[Stored items]
————————
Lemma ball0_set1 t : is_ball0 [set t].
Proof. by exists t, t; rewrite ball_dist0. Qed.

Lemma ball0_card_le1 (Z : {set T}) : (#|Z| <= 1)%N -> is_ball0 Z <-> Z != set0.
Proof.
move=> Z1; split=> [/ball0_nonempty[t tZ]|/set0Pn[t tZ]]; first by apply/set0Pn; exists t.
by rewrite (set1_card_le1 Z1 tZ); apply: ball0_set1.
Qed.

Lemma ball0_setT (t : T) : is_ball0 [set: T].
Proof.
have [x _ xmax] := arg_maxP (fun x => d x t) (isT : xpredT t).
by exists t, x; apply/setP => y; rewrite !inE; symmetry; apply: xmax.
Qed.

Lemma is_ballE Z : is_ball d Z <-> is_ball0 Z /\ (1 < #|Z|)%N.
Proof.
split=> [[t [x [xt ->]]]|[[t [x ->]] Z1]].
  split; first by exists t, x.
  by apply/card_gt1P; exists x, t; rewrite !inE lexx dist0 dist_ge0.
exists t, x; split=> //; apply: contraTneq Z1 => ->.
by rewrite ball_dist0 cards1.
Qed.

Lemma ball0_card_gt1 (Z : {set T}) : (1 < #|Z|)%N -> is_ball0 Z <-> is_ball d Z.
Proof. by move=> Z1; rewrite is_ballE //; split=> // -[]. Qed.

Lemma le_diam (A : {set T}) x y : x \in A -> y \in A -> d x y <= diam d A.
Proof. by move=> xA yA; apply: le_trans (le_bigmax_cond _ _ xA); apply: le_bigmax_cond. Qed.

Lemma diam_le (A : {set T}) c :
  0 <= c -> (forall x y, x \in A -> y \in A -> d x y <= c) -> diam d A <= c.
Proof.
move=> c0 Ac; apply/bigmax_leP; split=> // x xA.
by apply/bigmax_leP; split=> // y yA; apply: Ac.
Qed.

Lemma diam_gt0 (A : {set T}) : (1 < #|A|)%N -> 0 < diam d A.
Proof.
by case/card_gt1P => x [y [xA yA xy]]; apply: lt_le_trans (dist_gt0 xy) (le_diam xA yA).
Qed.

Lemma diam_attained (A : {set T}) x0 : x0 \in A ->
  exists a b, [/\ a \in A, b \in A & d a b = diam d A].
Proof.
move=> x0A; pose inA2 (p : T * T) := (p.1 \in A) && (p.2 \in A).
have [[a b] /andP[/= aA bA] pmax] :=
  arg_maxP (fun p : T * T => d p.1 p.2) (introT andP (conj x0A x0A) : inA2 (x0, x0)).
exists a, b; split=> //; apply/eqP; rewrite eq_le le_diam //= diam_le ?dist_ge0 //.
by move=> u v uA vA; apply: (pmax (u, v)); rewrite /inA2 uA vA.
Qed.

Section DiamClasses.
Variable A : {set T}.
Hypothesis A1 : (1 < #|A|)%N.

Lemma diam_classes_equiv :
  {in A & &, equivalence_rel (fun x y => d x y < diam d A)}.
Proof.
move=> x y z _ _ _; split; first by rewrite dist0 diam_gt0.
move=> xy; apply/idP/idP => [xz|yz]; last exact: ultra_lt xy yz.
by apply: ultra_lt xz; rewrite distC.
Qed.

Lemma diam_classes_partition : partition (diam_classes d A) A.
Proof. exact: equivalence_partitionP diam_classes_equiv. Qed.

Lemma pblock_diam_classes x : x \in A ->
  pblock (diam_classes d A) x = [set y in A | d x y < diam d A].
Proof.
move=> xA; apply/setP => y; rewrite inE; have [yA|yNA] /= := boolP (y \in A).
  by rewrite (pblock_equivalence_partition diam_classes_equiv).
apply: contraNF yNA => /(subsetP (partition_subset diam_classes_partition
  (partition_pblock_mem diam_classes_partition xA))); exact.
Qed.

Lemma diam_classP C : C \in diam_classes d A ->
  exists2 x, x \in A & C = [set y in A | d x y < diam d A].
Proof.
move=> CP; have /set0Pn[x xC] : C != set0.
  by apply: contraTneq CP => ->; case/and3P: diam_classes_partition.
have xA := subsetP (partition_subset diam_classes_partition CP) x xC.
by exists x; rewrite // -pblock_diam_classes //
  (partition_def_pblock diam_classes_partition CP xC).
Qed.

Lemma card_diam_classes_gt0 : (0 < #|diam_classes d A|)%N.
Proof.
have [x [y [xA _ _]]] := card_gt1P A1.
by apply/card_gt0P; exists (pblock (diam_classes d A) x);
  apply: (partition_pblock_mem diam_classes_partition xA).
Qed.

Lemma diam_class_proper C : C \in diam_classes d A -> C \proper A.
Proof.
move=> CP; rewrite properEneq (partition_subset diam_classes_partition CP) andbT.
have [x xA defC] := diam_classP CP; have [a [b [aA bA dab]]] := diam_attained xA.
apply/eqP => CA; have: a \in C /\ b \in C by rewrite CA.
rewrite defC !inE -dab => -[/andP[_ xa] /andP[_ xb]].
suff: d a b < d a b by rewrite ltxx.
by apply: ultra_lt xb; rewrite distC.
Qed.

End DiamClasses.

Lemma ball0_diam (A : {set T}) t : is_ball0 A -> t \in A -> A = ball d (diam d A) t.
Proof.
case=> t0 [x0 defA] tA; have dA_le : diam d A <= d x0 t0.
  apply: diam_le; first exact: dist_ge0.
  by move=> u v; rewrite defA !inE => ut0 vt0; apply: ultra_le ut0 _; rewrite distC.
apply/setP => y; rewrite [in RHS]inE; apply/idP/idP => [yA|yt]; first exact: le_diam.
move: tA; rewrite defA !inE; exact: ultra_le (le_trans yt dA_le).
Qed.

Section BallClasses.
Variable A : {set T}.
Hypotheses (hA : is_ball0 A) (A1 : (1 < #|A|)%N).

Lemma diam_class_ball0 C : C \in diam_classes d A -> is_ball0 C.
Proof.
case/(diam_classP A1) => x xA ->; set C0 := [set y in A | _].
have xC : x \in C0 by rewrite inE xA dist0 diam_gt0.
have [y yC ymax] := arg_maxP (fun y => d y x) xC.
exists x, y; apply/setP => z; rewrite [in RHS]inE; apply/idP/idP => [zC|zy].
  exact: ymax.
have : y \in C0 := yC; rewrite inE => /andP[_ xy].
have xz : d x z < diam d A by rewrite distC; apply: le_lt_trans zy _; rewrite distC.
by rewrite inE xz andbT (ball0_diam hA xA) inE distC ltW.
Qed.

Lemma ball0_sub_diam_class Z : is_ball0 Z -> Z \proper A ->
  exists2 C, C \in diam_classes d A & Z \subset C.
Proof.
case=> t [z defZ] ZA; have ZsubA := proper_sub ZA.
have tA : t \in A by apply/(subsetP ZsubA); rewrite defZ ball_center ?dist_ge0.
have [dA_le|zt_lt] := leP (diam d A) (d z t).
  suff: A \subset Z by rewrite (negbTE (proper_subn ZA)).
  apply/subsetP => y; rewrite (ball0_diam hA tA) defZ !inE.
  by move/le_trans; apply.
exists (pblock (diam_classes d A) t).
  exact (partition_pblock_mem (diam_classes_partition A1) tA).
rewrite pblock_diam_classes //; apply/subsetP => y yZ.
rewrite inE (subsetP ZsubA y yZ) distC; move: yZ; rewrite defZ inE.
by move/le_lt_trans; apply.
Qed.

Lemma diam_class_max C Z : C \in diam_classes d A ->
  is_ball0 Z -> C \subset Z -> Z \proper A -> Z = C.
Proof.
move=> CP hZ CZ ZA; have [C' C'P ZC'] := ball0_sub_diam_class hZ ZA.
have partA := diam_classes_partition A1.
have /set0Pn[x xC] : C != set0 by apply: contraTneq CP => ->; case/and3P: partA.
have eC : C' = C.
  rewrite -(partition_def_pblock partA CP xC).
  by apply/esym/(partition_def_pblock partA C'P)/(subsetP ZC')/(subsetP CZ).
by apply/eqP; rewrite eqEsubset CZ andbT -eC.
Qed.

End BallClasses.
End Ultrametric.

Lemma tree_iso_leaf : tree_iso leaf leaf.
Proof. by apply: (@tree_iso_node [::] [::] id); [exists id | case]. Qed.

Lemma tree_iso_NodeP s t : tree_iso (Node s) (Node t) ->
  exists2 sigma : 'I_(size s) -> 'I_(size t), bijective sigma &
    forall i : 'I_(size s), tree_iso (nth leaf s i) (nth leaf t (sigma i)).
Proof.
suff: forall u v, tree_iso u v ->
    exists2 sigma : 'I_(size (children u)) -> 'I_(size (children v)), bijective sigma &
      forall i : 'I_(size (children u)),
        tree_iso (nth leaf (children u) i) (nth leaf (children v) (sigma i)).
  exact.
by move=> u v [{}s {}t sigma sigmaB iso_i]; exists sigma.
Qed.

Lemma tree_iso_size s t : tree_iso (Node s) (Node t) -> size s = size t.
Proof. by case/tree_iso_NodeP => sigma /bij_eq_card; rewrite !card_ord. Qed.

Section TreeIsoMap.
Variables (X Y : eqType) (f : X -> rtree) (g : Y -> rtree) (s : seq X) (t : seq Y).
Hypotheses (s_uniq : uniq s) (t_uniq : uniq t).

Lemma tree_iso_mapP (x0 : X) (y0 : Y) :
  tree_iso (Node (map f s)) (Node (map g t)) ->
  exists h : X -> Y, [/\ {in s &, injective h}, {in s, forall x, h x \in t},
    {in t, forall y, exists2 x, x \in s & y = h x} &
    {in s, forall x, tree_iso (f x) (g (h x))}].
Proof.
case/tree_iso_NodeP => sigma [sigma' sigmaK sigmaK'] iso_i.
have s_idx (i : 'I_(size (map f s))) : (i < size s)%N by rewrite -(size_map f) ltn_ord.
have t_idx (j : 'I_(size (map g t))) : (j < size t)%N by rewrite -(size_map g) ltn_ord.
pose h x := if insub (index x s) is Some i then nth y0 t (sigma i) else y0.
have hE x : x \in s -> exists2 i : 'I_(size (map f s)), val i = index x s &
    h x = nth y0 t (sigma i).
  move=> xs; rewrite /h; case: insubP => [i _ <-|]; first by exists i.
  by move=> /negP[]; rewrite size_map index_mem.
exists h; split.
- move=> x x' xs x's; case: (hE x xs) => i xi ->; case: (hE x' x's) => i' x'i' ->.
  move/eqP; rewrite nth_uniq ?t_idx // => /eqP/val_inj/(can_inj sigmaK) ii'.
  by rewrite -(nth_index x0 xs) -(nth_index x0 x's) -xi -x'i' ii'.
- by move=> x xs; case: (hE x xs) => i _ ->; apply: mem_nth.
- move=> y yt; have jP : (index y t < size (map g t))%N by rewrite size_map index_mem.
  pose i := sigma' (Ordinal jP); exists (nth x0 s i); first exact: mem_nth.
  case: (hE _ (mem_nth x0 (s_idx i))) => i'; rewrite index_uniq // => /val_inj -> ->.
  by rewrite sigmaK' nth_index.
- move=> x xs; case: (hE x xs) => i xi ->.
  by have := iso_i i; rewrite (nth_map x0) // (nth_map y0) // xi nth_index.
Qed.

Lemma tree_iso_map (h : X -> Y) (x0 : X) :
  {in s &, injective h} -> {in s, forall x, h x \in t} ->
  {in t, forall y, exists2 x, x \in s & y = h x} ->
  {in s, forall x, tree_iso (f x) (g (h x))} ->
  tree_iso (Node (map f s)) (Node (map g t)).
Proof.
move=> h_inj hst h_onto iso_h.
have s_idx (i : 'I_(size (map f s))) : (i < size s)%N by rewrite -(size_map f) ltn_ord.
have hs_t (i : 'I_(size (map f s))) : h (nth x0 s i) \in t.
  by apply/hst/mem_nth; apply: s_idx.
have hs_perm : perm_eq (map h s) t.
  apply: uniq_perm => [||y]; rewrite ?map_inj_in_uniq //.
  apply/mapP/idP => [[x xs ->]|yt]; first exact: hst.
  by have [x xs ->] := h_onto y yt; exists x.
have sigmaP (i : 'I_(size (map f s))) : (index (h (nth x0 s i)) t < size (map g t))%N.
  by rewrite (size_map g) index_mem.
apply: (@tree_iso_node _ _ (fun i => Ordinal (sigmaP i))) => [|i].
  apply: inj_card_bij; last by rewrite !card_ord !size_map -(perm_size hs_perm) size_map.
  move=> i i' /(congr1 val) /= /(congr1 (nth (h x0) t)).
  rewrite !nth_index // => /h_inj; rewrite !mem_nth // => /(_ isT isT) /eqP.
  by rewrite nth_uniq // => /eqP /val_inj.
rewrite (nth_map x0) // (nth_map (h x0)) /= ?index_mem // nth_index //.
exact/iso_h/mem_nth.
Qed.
————————
WHAT THE TASK REQUIRES> A single number, please: the count of lines above that contain the string "andbT".

REPLY TO THE TASK> 3